News: Jailed “internet research” contempt juror’s case goes to Strasbourg

4 12 2013

Attorney GeneralThe case of Theodora Dallas, the juror found to be in contempt of court after conducting online research, is now being considered by the European Court of Human Rights. She was found guilty of contempt and sentenced to 6 months imprisonment ([2012] EWHC 156 (Admin)). She subsequently applied to the Court of Human Rights which has now communicated the case to the UK government.

Ms Dallas was a juror in a trial at the Luton  Crown Court in July 2011. She carried out some research on the internet and told other members of the jury that a previous conviction of the defendant had involved an allegation of rape.  had found out about the defendant, Barry Medlock, who was on trial for causing grievous bodily harm. The jury was discharged after another juror drew the matter to the attention of the Court.

The Attorney-General applied for an order for committal for contempt.  The matter was heard in January 2012 by the Lord Chief Justice, Hallett LJ and Openshaw J.  The Court concluded

“We have no doubt that the defendant knew perfectly well, first, that the judge had directed her, and the other members of the jury, in unequivocal terms, that they should not seek information about the case from the internet; second, that the defendant appreciated that this was an order; and, third, that the defendant deliberately disobeyed the order. By doing so, before she made any disclosure to her fellow jurors, she did not merely risk prejudice to the due administration of justice, but she caused prejudice to it. This was because she had sought to arm and had armed herself with information of possible relevance to the trial which, although not adduced in evidence, might have played its part in her verdict. The moment when she disclosed any of that information to her fellow jurors she further prejudiced the administration of justice. In the result, the jury was rightly discharged from returning a verdict and a new trial was ordered. The unfortunate complainant had to give evidence of his ordeal on a second occasion. The time of the other members of the jury was wasted, and the public was put to additional unnecessary expense. The damage to the administration of justice is obvious” A-G v Dallas [2012] EWHC 156 (Admin), [38].

The case was widely reported at the time – for example in the Guardian,  the Daily Telegraph, and on the BBC website.

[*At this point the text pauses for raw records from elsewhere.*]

Theorem lemma4p9
  (hf : nat -> seq nat -> nat -> nat -> bool)
  (hz : nat -> (nat -> nat) -> nat -> nat -> bool)
  (code : seq nat -> nat)
  (code_inj : injective code)
  (code_mono : forall s t : seq nat, sprefix s t -> code s < code t)
  (use_principle : forall (e : nat) (Z : nat -> nat) (k n : nat),
      hz e Z k n = hf e (restr Z k) k n)
  (T : seq nat -> Prop) (hT : is_tree T) :
  forall X : nat -> nat,
    paths (JT hf code T) X <-> exists Z, paths T Z /\ X = calJ hz code Z.
Proof.
move=> X; split => [JT_X | [Z [TZ ->]] [|k]].
- have [sk sk_spec] : exists sk, forall k, T (sk k) /\ Jfin hf code (sk k) = restr X k.
    apply: (choice (fun k s => T s /\ Jfin hf code s = restr X k)) => k.
    by have [s [Ts ->]] := JT_X k; exists s.
  have Jfin_sk k : Jfin hf code (sk k) = restr X k := (sk_spec k).2.
  exists (Jinv hf sk); split.
    by move=> k; rewrite (restr_Jinv_take code_inj Jfin_sk); apply: hT; apply: (sk_spec _).1.
  by apply: functional_extensionality => n; rewrite (calJ_Jinv use_principle code_inj Jfin_sk).
- by exists [::]; split; [apply: TZ 0 | rewrite Jfin_nil].
- by exists (restr Z (tZ hz Z k)); split; [apply: TZ | rewrite Jfin_restr_tZ].
Qed.
Lemma bij_on_nzcol : bij_on nzrows (nzcol @` nzrows)%classic nzcol.
Proof.
split=> [x Dx|x x' Dx Dx' eq_col|y [x Dx <-]]; [by exists x| |by exists x].
apply/eqP/negP => /negP neq_x; have := nzweight_neq0 Dx; have := nzweight_neq0 Dx'.
by rewrite /nzweight -eq_col; have [|] := entry_col_uniq (nzcol x) neq_x => ->; rewrite eqxx.
Qed.

Lemma linf_nzweight : linf nzweight.
Proof. by have [c _ T_le] := bounded_op_entry bT; exists c => x; exact: T_le. Qed.

Lemma normaliser_eq_wcomp : op_eq T (wcomp nzweight nzrows nzcol).
Proof.
move=> v l2v x; have sum_T := has_sum_entries x l2v.
rewrite /wcomp /op_comp /mult /Vtheta; case: (pselect (nzrows x)) => Dx; last first.
  rewrite asboolF // mulr0; apply: has_sum_unique sum_T _.
  by under eq_fun => y do rewrite entry_notin_nzrows // mulr0; exact: has_sum0.
rewrite asboolT // mulrC; apply: has_sum_unique sum_T _.
apply: has_sum_supp1 => y neq_y; apply/eqP; rewrite mulf_eq0; apply/orP; right.
by apply: contraR neq_y => /(nzcol_uniq Dx) ->.
Qed.

End NormaliserEntries.

Section OpEq.
Variables (R : realType) (X : eqType) (d : X -> X -> R).
Implicit Types (T S U : op R X).

Lemma op_eq_compl T S U : op_eq T S -> op_eq (op_comp U T) (op_comp U S).
Proof.
move=> eq_TS v l2v x; rewrite /op_comp.
by have -> : T v = S v by apply: funext; exact: eq_TS.
Qed.

Lemma op_eq_compr T S U : op_eq T S -> (forall v, l2 v -> l2 (U v)) ->
  op_eq (op_comp T U) (op_comp S U).
Proof. by move=> eq_TS U_l2 v l2v x; exact/eq_TS/U_l2. Qed.

Lemma op_eq_trans T S U : op_eq T S -> op_eq S U -> op_eq T U.
Proof. by move=> eq_TS eq_SU v l2v x; rewrite eq_TS ?eq_SU. Qed.

Lemma opdist_le_op_eq T S U e : op_eq T S -> opdist_le S U e -> opdist_le T U e.
Proof.
move=> eq_TS [e_ge0 S_U]; split=> // v b l2v v_le.
by under eq_fun => x do rewrite eq_TS //; exact: S_U.
Qed.

Lemma in_Cu_op_eq T S : bounded_op T -> op_eq T S -> in_Cu d S -> in_Cu d T.
Proof.
move=> bT eq_TS [_ approx]; split=> // e e_gt0; have [U [bU fpU S_U]] := approx e e_gt0.
by exists U; split=> //; exact: opdist_le_op_eq S_U.
Qed.

Lemma in_Cuq_op_eq T S : bounded_op T -> op_eq T S -> in_Cuq d S -> in_Cuq d T.
Proof.
move=> bT eq_TS [_ qloc]; split=> // e e_gt0; have [r [r_gt0 S_loc]] := qloc e e_gt0.
exists r; split=> // A B far_AB; apply: opdist_le_op_eq (S_loc A B far_AB).
apply/op_eq_compl/op_eq_compr => // v [b v_le]; exists b; exact: vnorm_le_chi.
Qed.

Lemma is_adjoint_op_eq T S U : op_eq T S -> is_adjoint S U -> is_adjoint T U.
Proof.
move=> eq_TS adj v w l2v l2w c; have -> : T v = S v by apply: funext; exact: eq_TS.
exact: adj.
Qed.

Lemma in_normaliser_op_eq (inA : op R X -> Prop) T S : inA T -> op_eq T S ->
  in_normaliser inA S -> in_normaliser inA T.
Proof.
move=> AT eq_TS [_ [U [bU adj nor]]]; split=> //; exists U; split=> //.
  exact: is_adjoint_op_eq adj.
move=> g lg; have [[h1 [lh1 eq1]] [h2 [lh2 eq2]]] := nor g lg; split.
  exists h1; split=> //; apply: op_eq_trans eq1; apply: op_eq_compr => // v l2v.
  by apply: l2_mult => //; case: bU => + _ _; apply.
by exists h2; split=> //; apply: op_eq_trans eq2; apply: op_eq_compl; apply: op_eq_compl.
Qed.

End OpEq.

Section WeightedComposition.
Variables (R : realType) (X : eqType) (f : X -> complex R) (D Rg : set X) (th : X -> X).
Hypothesis bij : bij_on D Rg th.
Local Notation ps := (inv_on D th).
Local Notation W := (wcomp f D th).
Local Notation Wadj := (wcomp (fun y => cconj (f (ps y))) Rg ps).

Lemma wcomp_is_adjoint : is_adjoint W Wadj.
Proof.
have [Rg_th _ _] := bij.
move=> v w _ _ c; rewrite /inner /wcomp /op_comp /mult /Vtheta; split=> [sum_a|sum_b].
  apply: (has_sum_bij bij _ _ _ sum_a).
  - by move=> x /asboolPn/negbTE->; rewrite !mulr0 mul0r.
  - by move=> y /asboolPn/negbTE->; rewrite mulr0 cconj0 mulr0.
  move=> x Dx; rewrite (asboolT Dx) (asboolT (Rg_th _ Dx)) (inv_onK bij Dx).
  by rewrite cconjM cconjK; ring.
apply: (has_sum_bij (bij_on_inv bij) _ _ _ sum_b).
- by move=> y /asboolPn/negbTE->; rewrite mulr0 cconj0 mulr0.
- by move=> x /asboolPn/negbTE->; rewrite !mulr0 mul0r.
move=> y Rg_y; have [Dy th_psy] := inv_on_spec bij Rg_y.
by rewrite !asboolT // th_psy cconjM cconjK; ring.
Qed.
(* Assume that $q$ is not a root of unity. Then the center $Z(\Delta)$ is generated (as an $\mathbb F$-algebra) by $\Omega,\alpha,\beta,\gamma$.
   Context: Let $\mathbb F$ be a field and fix a nonzero $q\in\mathbb F$ with $q^4\neq 1$. The universal Askey--Wilson algebra $\Delta$ is the associative $\mathbb F$-algebra with 1 with generators $A,B,C$ subject to the relations that each of $A+\frac{qBC-q^{-1}CB}{q^2-q^{-2}}$, $B+\frac{qCA-q^{-1}AC}{q^2-q^{-2}}$, $C+\frac{qAB-q^{-1}BA}{q^2-q^{-2}}$ is central; $\alpha,\beta,\gamma$ denote these three central elements (in order) each multiplied by $q+q^{-1}$. Let $\Omega = qABC+q^2A^2+q^{-2}B^2+q^2C^2-qA\alpha-q^{-1}B\beta-qC\gamma$. *)

From HB Require Import structures.
From mathcomp Require Import all_boot all_order all_algebra.
Set Implicit Arguments. Unset Strict Implicit. Unset Printing Implicit Defensive.
Import GRing.Theory.
Local Open Scope ring_scope.

Definition central (D : nzRingType) (x : D) : Prop := forall y : D, x * y = y * x.

Section AW.
Variables (F : fieldType) (q : F).

Definition aw_cA (D : algType F) (A B C : D) : D :=
  A + (q ^+ 2 - q ^- 2)^-1 *: (q *: (B * C) - q^-1 *: (C * B)).
Definition aw_cB (D : algType F) (A B C : D) : D :=
  B + (q ^+ 2 - q ^- 2)^-1 *: (q *: (C * A) - q^-1 *: (A * C)).
Definition aw_cC (D : algType F) (A B C : D) : D :=
  C + (q ^+ 2 - q ^- 2)^-1 *: (q *: (A * B) - q^-1 *: (B * A)).
(* Let $\mathbb{X}$ be a finite dimensional real Banach space and $T,A\in\mathbb{B}(\mathbb{X})$. Then $T\perp_B A$ if and only if there exist $x,y\in M_T$ such that $Ax\in(Tx)^+$ and $Ay\in(Ty)^-$.
   Context: $\mathbb{B}(\mathbb{X})$ is the space of bounded linear operators on $\mathbb{X}$ with the operator norm. $S_{\mathbb{X}}$ is the unit sphere and $M_T=\{x\in S_{\mathbb{X}}:\|Tx\|=\|T\|\}$. For elements $u,v$ of a normed space, $u\perp_B v$ (Birkhoff–James orthogonality) means $\|u+\lambda v\|\ge\|u\|$ for all $\lambda\in\mathbb{R}$; $v\in u^+$ means $\|u+\lambda v\|\ge\|u\|$ for all $\lambda\ge0$; $v\in u^-$ means $\|u+\lambda v\|\ge\|u\|$ for all $\lambda\le 0$. *)

From Stdlib Require Import Fin Reals Lra Classical ClassicalEpsilon FunctionalExtensionality.
Open Scope R_scope.

(* A finite dimensional real normed space is (isometrically isomorphic to)
   R^n = (Fin.t n -> R) equipped with some norm N. *)
Definition vec (n : nat) := Fin.t n -> R.

Definition vzero {n} : vec n := fun _ => 0.
Definition vadd {n} (x y : vec n) : vec n := fun i => x i + y i.
Definition vscal {n} (c : R) (x : vec n) : vec n := fun i => c * x i.

Definition is_norm {n} (N : vec n -> R) : Prop :=
  (forall x, 0 <= N x) /\
  (forall x, N x = 0 -> x = vzero) /\
  (forall c x, N (vscal c x) = Rabs c * N x) /\
  (forall x y, N (vadd x y) <= N x + N y).

(* Linear operators on R^n (all bounded since the dimension is finite). *)
Definition is_linear {n} (T : vec n -> vec n) : Prop :=
  (forall x y, T (vadd x y) = vadd (T x) (T y)) /\
  (forall c x, T (vscal c x) = vscal c (T x)).

Definition op_add {n} (T A : vec n -> vec n) : vec n -> vec n :=
  fun x => vadd (T x) (A x).
Definition op_scal {n} (c : R) (A : vec n -> vec n) : vec n -> vec n :=
  fun x => vscal c (A x).

(* Operator norm: sup { N (T x) | N x = 1 } (chosen by epsilon; the lub exists
   in finite dimension). *)
Definition opnorm_set {n} (N : vec n -> R) (T : vec n -> vec n) (r : R) : Prop :=
  exists x, N x = 1 /\ r = N (T x).

Definition opnorm {n} (N : vec n -> R) (T : vec n -> vec n) : R :=
  epsilon (inhabits 0) (fun c => is_lub (opnorm_set N T) c).

Definition M_set {n} (N : vec n -> R) (T : vec n -> vec n) (x : vec n) : Prop :=
  N x = 1 /\ N (T x) = opnorm N T.

Definition BJ_orth_op {n} (N : vec n -> R) (T A : vec n -> vec n) : Prop :=
  forall lam : R, opnorm N (op_add T (op_scal lam A)) >= opnorm N T.

Definition in_plus {n} (N : vec n -> R) (u v : vec n) : Prop :=
  forall lam : R, lam >= 0 -> N (vadd u (vscal lam v)) >= N u.
Definition in_minus {n} (N : vec n -> R) (u v : vec n) : Prop :=
  forall lam : R, lam <= 0 -> N (vadd u (vscal lam v)) >= N u.

From Stdlib Require Import Reals Lra Lia Rtopology.
From Stdlib Require Import Classical ClassicalEpsilon FunctionalExtensionality.
Open Scope R_scope.

(* If T is orthogonal to A in the direction lam >= 0, then for lam_k = 1/(k+1)
   there are unit vectors x_k with ||T x_k + lam_k A x_k|| > ||T|| - lam_k^2.
   Since the unit sphere of a finite-dimensional space is compact, a subsequence
   converges to some x, which lies in M_T.  Moreover T x_k + lam_k A x_k is a
   convex combination of T x_k and T x_k + mu A x_k, which forces
   ||T x_k + mu A x_k|| >= ||T|| - lam_k mu, and in the limit A x is in (T x)^+.
   Applying this to -A gives y with A y in (T y)^-.  The converse holds because
   ||T + lam A|| >= ||(T + lam A) x|| for every x in M_T. *)

Definition eventually (P : nat -> Prop) : Prop :=
  exists K, forall k, (K <= k)%nat -> P k.

Lemma eventually_mono (P Q : nat -> Prop) :
  (forall k, P k -> Q k) -> eventually P -> eventually Q.
Proof. intros HPQ [K HK]. exists K. auto. Qed.

Lemma eventually_and (P Q : nat -> Prop) :
  eventually P -> eventually Q -> eventually (fun k => P k /\ Q k).
Proof.
  intros [K1 H1] [K2 H2]. exists (Nat.max K1 K2).
  intros k Hk. split; [apply H1 | apply H2]; lia.
Qed.

Lemma eventually_forall_fin (n : nat) (P : Fin.t n -> nat -> Prop) :
  (forall i, eventually (P i)) -> eventually (fun k => forall i, P i k).
Proof.
  revert P; induction n as [|n IH]; intros P HP.
  - exists 0%nat. intros k _ i. exact (Fin.case0 (fun i => P i k) i).
  - apply (eventually_mono (fun k => P Fin.F1 k /\ forall i, P (Fin.FS i) k)).
    + intros k [H1 HS] i. pattern i; apply Fin.caseS'; auto.
    + apply eventually_and; [apply HP | apply IH; intros i; apply HP].
Qed.

Lemma eventually_inv_S_lt (eps : R) : 0 < eps -> eventually (fun k => / INR (S k) < eps).
Proof.
  intros Heps. destruct (archimed_cor1 eps Heps) as [K [HK HK0]].
  exists K. intros k Hk. eapply Rle_lt_trans; [|exact HK].
  apply Rinv_le_contravar; [apply lt_0_INR; exact HK0 | apply le_INR; lia].
Qed.

Definition strict_incr (phi : nat -> nat) : Prop := forall k, (phi k < phi (S k))%nat.

Lemma strict_incr_ge (phi : nat -> nat) : strict_incr phi -> forall k, (k <= phi k)%nat.
Proof. intros Hphi k. induction k as [|k IH]; [lia|]. specialize (Hphi k). lia. Qed.

Lemma strict_incr_lt (phi : nat -> nat) :
  strict_incr phi -> forall a b, (a < b)%nat -> (phi a < phi b)%nat.
Proof.
  intros Hphi a b Hab. induction Hab as [|b Hab IH]; [apply Hphi|].
  specialize (Hphi b). lia.
Qed.
Definition projective (P : C) : Prop :=
  forall (a b : C) (e : hom C a b), epi e ->
    forall g : hom C P b, exists h : hom C P a, comp e h = g.

Definition enough_projectives : Prop :=
  forall a : C, exists P (e : hom C P a), projective P /\ epi e.

Definition simple (S : C) : Prop :=
  ~ is_zero_obj S /\
  forall x (m : hom C x S), mono m -> is_zero_obj x \/ iso m.

Definition finitely_many_simples : Prop :=
  exists n (S : 'I_n -> C), forall X : C, simple X -> exists i, isomorphic X (S i).

Definition finite_linear_category : Prop :=
  [/\ linear_category, findim_homs, forall a : C, finite_length a,
      enough_projectives & finitely_many_simples].
End CatDefs.

Record LinFunctor (k : fieldType) (C D : LinCat k) := {
  fob :> C -> D;
  fhom : forall a b : C, hom C a b -> hom D (fob a) (fob b);
  fhom_id : forall a : C, fhom (idm a) = idm (fob a);
  fhom_comp : forall (a b c : C) (g : hom C b c) (f : hom C a b),
      fhom (comp g f) = comp (fhom g) (fhom f);
  fhom_linear : forall (a b : C) (x : k) (f g : hom C a b),
      fhom (x *: f + g) = x *: fhom f + fhom g
}.
Arguments fhom {k C D} F {a b} f : rename.

Section FunctorDefs.
Variables (k : fieldType) (C D : LinCat k).

Definition faithful (U : LinFunctor D C) : Prop :=
  forall (a b : D) (f g : hom D a b), fhom U f = fhom U g -> f = g.

Definition exact_functor (U : LinFunctor D C) : Prop :=
  (forall (a b K : D) (f : hom D a b) (i : hom D K a),
      is_kernel f i -> is_kernel (fhom U f) (fhom U i)) /\
  (forall (a b Q : D) (f : hom D a b) (p : hom D b Q),
      is_cokernel f p -> is_cokernel (fhom U f) (fhom U p)).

On 13 June 2012, Ms Dallas lodged an application with the Court of Human Rights making the following complaints:

  • Under Article 6 §§ 1 and 3 (a) – that there was a failure to particularise the offence until judgment was given and a failure to inform her promptly of the nature and cause of the contempt application;
  • Under Article 7,  that she was found guilty of a criminal offence on account of an act which did not constitute a criminal offence at the time when it was committed, referring in particular to the new test for liability formulated by the Divisional Court; the lack of clarity of the trial judge’s direction on internet use and the absence of any penal warning by the trial judge; and the legal distinction between an order and a direction;
  • Under Article 5 § 1 that, in light of the alleged violations of Articles 6 and 7 of the Convention, her detention did not fall within the lawful grounds set out in Article 5 § 1 (a) or (b).

The application has now been “communicated” – in other words the UK Government has been asked for its comments.  The Court has asked the following question of the parties:

Did the act of which the applicant was convicted constitute a “criminal offence under national law” at the time when it was committed, for the purposes of Article 7 of the Convention, having regard to the test for contempt of court set out and applied by the Divisional Court in paragraph 38 of its judgment and the test outlined in previous domestic judgment judgments?